Con il dragaggio senza draghe lo sfangamento dei porti diventa sostenibile?
A Marina di Carrara, durante il convegno “Nuove tecnologie per lo sfangamento sostenibile dei porti“, si è parlato della criticità rappresentata dai fanghi che creano impatti sull’ecosistema e difficoltà per gli operatori portuali. Un analogo problema lo hanno anche i gestori delle dighe destinate alla produzione idroelettrica, con impatti ambientali in questo caso per gli ecosistemi fluviali situati a valle degli invasi.
Le tecniche tradizionali di dragaggio e di “mulinazione” possono creare impatti su vaste zone anche distanti chilometri dal punto di prelievo a causa del fenomeno di “risospensione” (per non parlare di operazioni discutibili effettuate senza il rispetto delle normative ambientali vigenti).
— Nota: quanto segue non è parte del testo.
Let T := (('I_n * ('I_k * 'I_k)) * bool)%type.
Let c0 := sqrt (/ INR k * INR #|{: T}|).
Let mesh := om / (c0 + 1).
Let M := Z.to_nat (up (2 * Rb / mesh)).
Let cell (r : R) : nat := Z.to_nat (up ((r + Rb) / mesh)).

Lemma mesh_pos : 0 < mesh.
Proof.
apply: Rdiv_lt_0_compat => //.
by have := sqrt_pos (/ INR k * INR #|{: T}|); rewrite /c0; lra.
Qed.

Lemma coord_bounded X : S X -> forall t, Rabs (coord X t) <= Rb.
Proof.
move=> hX t; apply: Rle_trans (comp_le _ _) _.
by apply: Rle_trans (mopnorm_entry _ _ _) _; exact: hS.
Qed.

Lemma cell_pos r : Rabs r <= Rb -> 0 <= (r + Rb) / mesh.
Proof.
move=> /Rabs_le_between h; apply: Rmult_le_pos; first lra.
by left; apply: Rinv_0_lt_compat; exact: mesh_pos.
Qed.

Lemma cell_bound r : Rabs r <= Rb -> (cell r < M.+1)%N.
Proof.
move=> h; rewrite ltnS /cell /M; apply/leP.
have h1 : (r + Rb) / mesh <= 2 * Rb / mesh.
  apply: Rmult_le_compat_r; first by left; apply: Rinv_0_lt_compat; exact: mesh_pos.
  by have := Rabs_le_between h; lra.
by have := up_mono h1; have := up_pos (cell_pos h); lia.
Qed.

Lemma cell_close r r' : Rabs r <= Rb -> Rabs r' <= Rb -> cell r = cell r' ->
  Rabs (r - r') < mesh.
Proof.
move=> h h' e; have hm := mesh_pos.
have e2 : up ((r + Rb) / mesh) = up ((r' + Rb) / mesh).
  by move: e; rewrite /cell; have := up_pos (cell_pos h); have := up_pos (cell_pos h'); lia.
have := up_close e2.
have -> : (r + Rb) / mesh - (r' + Rb) / mesh = (r - r') / mesh by field; lra.
rewrite /Rdiv Rabs_mult Rabs_inv (Rabs_right mesh); last lra.
move=> hh; have := Rmult_lt_compat_r mesh _ _ hm hh.
have -> : Rabs (r - r') * / mesh * mesh = Rabs (r - r') by field; lra.
lra.
Qed.

Lemma dist2_mesh (X Y : 'I_n -> Mat k) :
  (forall t, Rabs (coord X t - coord Y t) < mesh) -> dist2 X Y < om.
Proof.
move=> h; have hm := mesh_pos; have hc : 0 <= c0 by exact: sqrt_pos.
rewrite /dist2 tnorm2_real.
apply: Rle_lt_trans (_ : c0 * mesh < om); last first.
  rewrite /mesh; apply: (Rmult_lt_reg_r (c0 + 1)); first lra.
  have -> : c0 * (om / (c0 + 1)) * (c0 + 1) = c0 * om by field; lra.
  nra.
rewrite /c0 -(sqrt_Rsqr mesh); last lra.
rewrite -sqrt_mult; [|apply: Rmult_le_pos; [exact: inv_INR_ge0|exact: pos_INR]|apply: Rle_0_sqr].
apply: sqrt_le_1_alt; rewrite Rmult_assoc; apply: Rmult_le_compat_l; first exact: inv_INR_ge0.
rewrite -fsum_const; apply: fsum_le => t; rewrite coord_sub /Rsqr.
by have := Rabs_def2 _ _ (h t); nra.
Qed.

Definition grid_code (X : 'I_n -> Mat k) : {ffun T -> 'I_M.+1} :=
  [ffun t => inord (cell (coord X t))].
Attualmente si stanno diffondendo tecniche di dragaggio innovative e meno invasive ed una di queste in particolare è stata messa a punto da un’azienda toscana, la Decomar Spa che ha sede legale a Pontedera (PI).
La soluzione consiste nella produzione di una tecnologia a ricircolo che consente di operare in totale assenza di contatto con il fondale riducendo di fatto l’invasività ambientale in quanto è in grado di realizzare in-process l’asportazione dei sedimenti, la separazione granulometrica degli stessi differenziando i materiali ingombranti, ed eliminando gli eventuali inquinanti dalla frazione a granulometria maggiore. Con questa operazione al contempo si opera una riduzione in volume dell’eventuale frazione da conferire a trattamento.
Questa tecnologia, come emerso dal convegno, è applicabile anche nelle dighe tipo quella di La Penna (nel Valdarno Superiore), nella quale si sono accumulati 12 milioni di m3 di sabbia e fango. «Questo tipo di fanghi grazie all’impiego di tecnologie come quelle proposte da Decomar SpA potrebbero essere riutilizzabili come materia prima seconda per costruzioni», ha dichiarato Fabio Roggiolani, vicepresidente di G.I.G.A. (Gruppo informale per la geotermia e l’ambiente) tra gli organizzatori del convegno. Roggiolani ha promesso di monitorare lo sviluppo di queste tecnologie e di farne misurare dalle università toscane e dagli organi preposti gli effettivi risultati, «sempre che le gare si aprano anche a questa tecnologia».